What to do: In the records below, begin at the line containing "is_action (aN a) /\ is_action (aC a) /\" and end at the line containing "(forall h f, mF"; quote every line in that span exactly, including both boundary lines, and no others.

Extracted material:
::::::

(* Let $X$ be an angled $G$-complex on which $G$ acts properly and cocompactly, and suppose $\kappa(f)\le0$ for each $2$-cell $f$ of $X$. If $H$ is a subgroup of $G$, $Y$ is an $H$-cocompact $H$-complex, and $Y\to X$ is an $H$-equivariant immersion, then \[|\mathrm{nega}(H,Y)|\le\frac{2\pi\cdot\chi(H,Y)-B_+(G,X)\cdot|\mathrm{pos}(H,Y)|}{B_-(G,X)}.\]
   Context: A $G$-complex is a combinatorial 2-complex with cellular $G$-action without inversions; angles $\measuredangle(c)$ are $G$-invariant reals on corners of $2$-cells, and $Y$ carries the angles pulled back from $X$. For a $2$-cell $f$, $\kappa(f)=\sum_{c\in\mathrm{corners}(f)}\measuredangle(c)-\pi(|\partial f|-2)$ (times $|G_f|^{-1}$ for orbits). $\mathrm{link}(x)$ of a $0$-cell has a vertex per end of a $1$-cell at $x$ and an edge (with angle) per corner at $x$. For a group $K$, $|K|^{-1}=1/|K|$ if finite, else $0$; for a graph $\Delta$ with $K$-action, finitely many orbits and edge angles, $\kappa(K,\Delta)=2\pi|K|^{-1}-\sum_v\pi|K_v|^{-1}+\sum_e(\pi-\measuredangle(e))|K_e|^{-1}$ (sums over orbit representatives). For $K\le G_x$, a $K$-section of $\mathrm{link}(x)$ is a $K$-invariant subgraph with finitely many $K$-orbits. $B_-(G,X)$ is the maximum of $\kappa(K,\Delta)$ over all $0$-cells $x$, subgroups $K\le G_x$ and $K$-sections $\Delta$ of $\mathrm{link}(x)$ with $\kappa(K,\Delta)<0$ (or $-1$ if there are none); $B_+(G,X)$ is the maximum over those with $\kappa(K,\Delta)\ge0$ (or $0$ if none). For $v\in I^0(H,Y)$ (the $H$-orbits of $0$-cells) with representative $y$, $\kappa(v)=\kappa(H_y,\mathrm{link}(y,Y))$; $\mathrm{nega}(H,Y)=\{v:\kappa(v)<0\}$, $\mathrm{pos}(H,Y)=\{v:\kappa(v)>0\}$. $\chi(H,Y)=\sum_{I^0}|H_\sigma|^{-1}-\sum_{I^1}|H_\sigma|^{-1}+\sum_{I^2}|H_\sigma|^{-1}$ over $H$-orbits of cells. *)

From Stdlib Require Import Reals List ClassicalEpsilon.
Open Scope R_scope.
Set Implicit Arguments.
Unset Strict Implicit.

Record Group := {
  gcar :> Type;
  gmul : gcar -> gcar -> gcar;
  gone : gcar;
  ginv : gcar -> gcar;
  gmulA : forall a b c, gmul a (gmul b c) = gmul (gmul a b) c;
  gmul1l : forall a, gmul gone a = a;
  gmulVl : forall a, gmul (ginv a) a = gone }.

Definition is_subgroup (G : Group) (K : G -> Prop) : Prop :=
  K (@gone G) /\ (forall a b, K a -> K b -> K (@gmul G a b)) /\
  (forall a, K a -> K (@ginv G a)).

Definition is_hom (H G : Group) (i : H -> G) : Prop :=
  forall a b, i (@gmul H a b) = @gmul G (i a) (i b).

Definition enumerates {T : Type} (P : T -> Prop) (s : list T) : Prop :=
  NoDup s /\ forall x, P x <-> In x s.
Definition is_finite {T : Type} (P : T -> Prop) : Prop := exists s, enumerates P s.

Definition lsum {T : Type} (w : T -> R) (s : list T) : R :=
  fold_right (fun x acc => w x + acc) 0 s.

(* sum of w over a finite set P (0 if P is infinite) *)
Definition fin_sum {T : Type} (P : T -> Prop) (w : T -> R) : R :=
  match excluded_middle_informative (is_finite P) with
  | left h => lsum w (proj1_sig (constructive_indefinite_description _ h))
  | right _ => 0
  end.
Definition fin_card {T : Type} (P : T -> Prop) : R := fin_sum P (fun _ => 1).

(* |K|^{-1} = 1/|K| if K is finite, 0 otherwise *)
Definition inv_card {T : Type} (P : T -> Prop) : R :=
  match excluded_middle_informative (is_finite P) with
  | left _ => / fin_card P
  | right _ => 0
  end.

Definition is_action (G : Group) {T : Type} (a : G -> T -> T) : Prop :=
  (forall x, a (@gone G) x = x) /\ (forall g h x, a (@gmul G g h) x = a g (a h x)).

Definition orbit_rel (G : Group) {T : Type} (a : G -> T -> T) (K : G -> Prop) (x y : T) :=
  exists g, K g /\ a g x = y.

Definition stab (G : Group) {T : Type} (a : G -> T -> T) (K : G -> Prop) (x : T) : G -> Prop :=
  fun g => K g /\ a g x = x.

Definition orbit_reps (G : Group) {T : Type} (a : G -> T -> T) (K : G -> Prop)
  (D : T -> Prop) (s : list T) : Prop :=
  (forall x, In x s -> D x) /\
  (forall x, D x -> exists y, In y s /\ orbit_rel a K y x) /\
  NoDup s /\ (forall y z, In y s -> In z s -> orbit_rel a K y z -> y = z).

Definition finitely_many_orbits (G : Group) {T : Type} (a : G -> T -> T) (K : G -> Prop)
  (D : T -> Prop) : Prop := exists s, orbit_reps a K D s.

Definition orbit_sum (G : Group) {T : Type} (a : G -> T -> T) (K : G -> Prop)
  (D : T -> Prop) (w : T -> R) : R :=
  match excluded_middle_informative (finitely_many_orbits a K D) with
  | left h => lsum w (proj1_sig (constructive_indefinite_description _ h))
  | right _ => 0
  end.

Definition orbit_count (G : Group) {T : Type} (a : G -> T -> T) (K : G -> Prop)
  (D : T -> Prop) : R := orbit_sum a K D (fun _ => 1).

(* 1-cells are given with their two ends (half-edges); a 2-cell is given by its
   cyclic sequence of corners: corner c of 2-cell cface c lies between the ends
   cend1 c and cend2 c (ends at the same 0-cell), and the next corner nxt c along
   the boundary cycle starts at the opposite end of the 1-cell ending at cend2 c. *)
Record cx2 := {
  V0 : Type; E1 : Type; F2 : Type;
  NE : Type;   (* ends of 1-cells *)
  CO : Type;   (* corners of 2-cells *)
  en_edge : NE -> E1;
  en_vert : NE -> V0;
  opp : NE -> NE;
  cface : CO -> F2;
  cend1 : CO -> NE;
  cend2 : CO -> NE;
  nxt : CO -> CO }.

Definition cvert (X : cx2) (c : CO X) : V0 X := en_vert (cend1 c).

Definition is_cx2 (X : cx2) : Prop :=
  (forall n, @opp X (@opp X n) = n) /\ (forall n, @opp X n <> n) /\
  (forall n, en_edge (@opp X n) = en_edge n) /\
  (forall e : E1 X, exists n, en_edge n = e) /\
  (forall n m, en_edge n = en_edge m -> m = n \/ m = @opp X n) /\
  (forall c : CO X, en_vert (cend1 c) = en_vert (cend2 c)) /\
  (forall c, cface (@nxt X c) = cface c) /\
  (forall c, cend1 (@nxt X c) = @opp X (cend2 c)) /\
  (forall f, exists c0 (n : nat), (0 < n)%nat /\ Nat.iter n (@nxt X) c0 = c0 /\
     (forall c, cface c = f <-> exists k, (k < n)%nat /\ c = Nat.iter k (@nxt X) c0) /\
     (forall k l, (k < n)%nat -> (l < n)%nat ->
        Nat.iter k (@nxt X) c0 = Nat.iter l (@nxt X) c0 -> k = l)).

Definition bdlen (X : cx2) (f : F2 X) : R := fin_card (fun c : CO X => cface c = f).

(* combinatorial maps (cells to cells of the same dimension, 2-cells possibly reversed) *)
Record cmap (Y X : cx2) := {
  mV : V0 Y -> V0 X; mE : E1 Y -> E1 X; mF : F2 Y -> F2 X;
  mN : NE Y -> NE X; mC : CO Y -> CO X }.

Definition is_cmap (Y X : cx2) (m : cmap Y X) : Prop :=
  (forall n, mE m (en_edge n) = en_edge (mN m n)) /\
  (forall n, mV m (en_vert n) = en_vert (mN m n)) /\
  (forall n, mN m (@opp Y n) = @opp X (mN m n)) /\
  (forall c, mF m (cface c) = cface (mC m c)) /\
  (forall f : F2 Y,
     (forall c, cface c = f -> mC m (@nxt Y c) = @nxt X (mC m c) /\
        cend1 (mC m c) = mN m (cend1 c) /\ cend2 (mC m c) = mN m (cend2 c)) \/
     (forall c, cface c = f -> @nxt X (mC m (@nxt Y c)) = mC m c /\
        cend1 (mC m c) = mN m (cend2 c) /\ cend2 (mC m c) = mN m (cend1 c))) /\
  (forall c c', cface c = cface c' -> mC m c = mC m c' -> c = c').

(* immersion: combinatorial map that is injective on each link *)
Definition is_immersion (Y X : cx2) (m : cmap Y X) : Prop :=
  is_cmap m /\
  (forall n n', en_vert n = en_vert n' -> mN m n = mN m n' -> n = n') /\
  (forall c c', cvert c = cvert c' -> mC m c = mC m c' -> c = c').

Record cxact (G : Group) (X : cx2) := {
  aV : G -> V0 X -> V0 X; aE : G -> E1 X -> E1 X; aF : G -> F2 X -> F2 X;
  aN : G -> NE X -> NE X; aC : G -> CO X -> CO X }.

Definition act_map (G : Group) (X : cx2) (a : cxact G X) (g : G) : cmap X X :=
  {| mV := aV a g; mE := aE a g; mF := aF a g; mN := aN a g; mC := aC a g |}.

(* cellular G-action without inversions *)
Definition is_Gcomplex (G : Group) (X : cx2) (a : cxact G X) : Prop :=
  is_cx2 X /\
  is_action (aV a) /\ is_action (aE a) /\ is_action (aF a) /\
  is_action (aN a) /\ is_action (aC a) /\
  (forall g, is_cmap (act_map a g)) /\
  (forall g e, aE a g e = e -> forall n, en_edge n = e -> aN a g n = n).

Definition allG (G : Group) : G -> Prop := fun _ => True.

Definition proper_action (G : Group) (X : cx2) (a : cxact G X) : Prop :=
  (forall x, is_finite (stab (aV a) (@allG G) x)) /\
  (forall e, is_finite (stab (aE a) (@allG G) e)) /\
  (forall f, is_finite (stab (aF a) (@allG G) f)).

Definition cocompact (G : Group) (X : cx2) (a : cxact G X) : Prop :=
  finitely_many_orbits (aV a) (@allG G) (fun _ => True) /\
  finitely_many_orbits (aE a) (@allG G) (fun _ => True) /\
  finitely_many_orbits (aF a) (@allG G) (fun _ => True).

Definition angle_invariant (G : Group) (X : cx2) (a : cxact G X) (ang : CO X -> R) : Prop :=
  forall g c, ang (aC a g c) = ang c.

Definition equivariant (H G : Group) (i : H -> G) (Y X : cx2) (aY : cxact H Y)
  (aX : cxact G X) (m : cmap Y X) : Prop :=
  (forall h y, mV m (aV aY h y) = aV aX (i h) (mV m y)) /\
  (forall h e, mE m (aE aY h e) = aE aX (i h) (mE m e)) /\
  (forall h f, mF m (aF aY h f) = aF aX (i h) (mF m f)) /\
  (forall h n, mN m (aN aY h n) = aN aX (i h) (mN m n)) /\
  (forall h c, mC m (aC aY h c) = aC aX (i h) (mC m c)).

Definition kappa_face (X : cx2) (ang : CO X -> R) (f : F2 X) : R :=
  fin_sum (fun c : CO X => cface c = f) ang - PI * (bdlen f - 2).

::::::

Your response:
  is_action (aN a) /\ is_action (aC a) /\
  (forall g, is_cmap (act_map a g)) /\
  (forall g e, aE a g e = e -> forall n, en_edge n = e -> aN a g n = n).

Definition allG (G : Group) : G -> Prop := fun _ => True.

Definition proper_action (G : Group) (X : cx2) (a : cxact G X) : Prop :=
  (forall x, is_finite (stab (aV a) (@allG G) x)) /\
  (forall e, is_finite (stab (aE a) (@allG G) e)) /\
  (forall f, is_finite (stab (aF a) (@allG G) f)).

Definition cocompact (G : Group) (X : cx2) (a : cxact G X) : Prop :=
  finitely_many_orbits (aV a) (@allG G) (fun _ => True) /\
  finitely_many_orbits (aE a) (@allG G) (fun _ => True) /\
  finitely_many_orbits (aF a) (@allG G) (fun _ => True).

Definition angle_invariant (G : Group) (X : cx2) (a : cxact G X) (ang : CO X -> R) : Prop :=
  forall g c, ang (aC a g c) = ang c.

Definition equivariant (H G : Group) (i : H -> G) (Y X : cx2) (aY : cxact H Y)
  (aX : cxact G X) (m : cmap Y X) : Prop :=
  (forall h y, mV m (aV aY h y) = aV aX (i h) (mV m y)) /\
  (forall h e, mE m (aE aY h e) = aE aX (i h) (mE m e)) /\
  (forall h f, mF m (aF aY h f) = aF aX (i h) (mF m f)) /\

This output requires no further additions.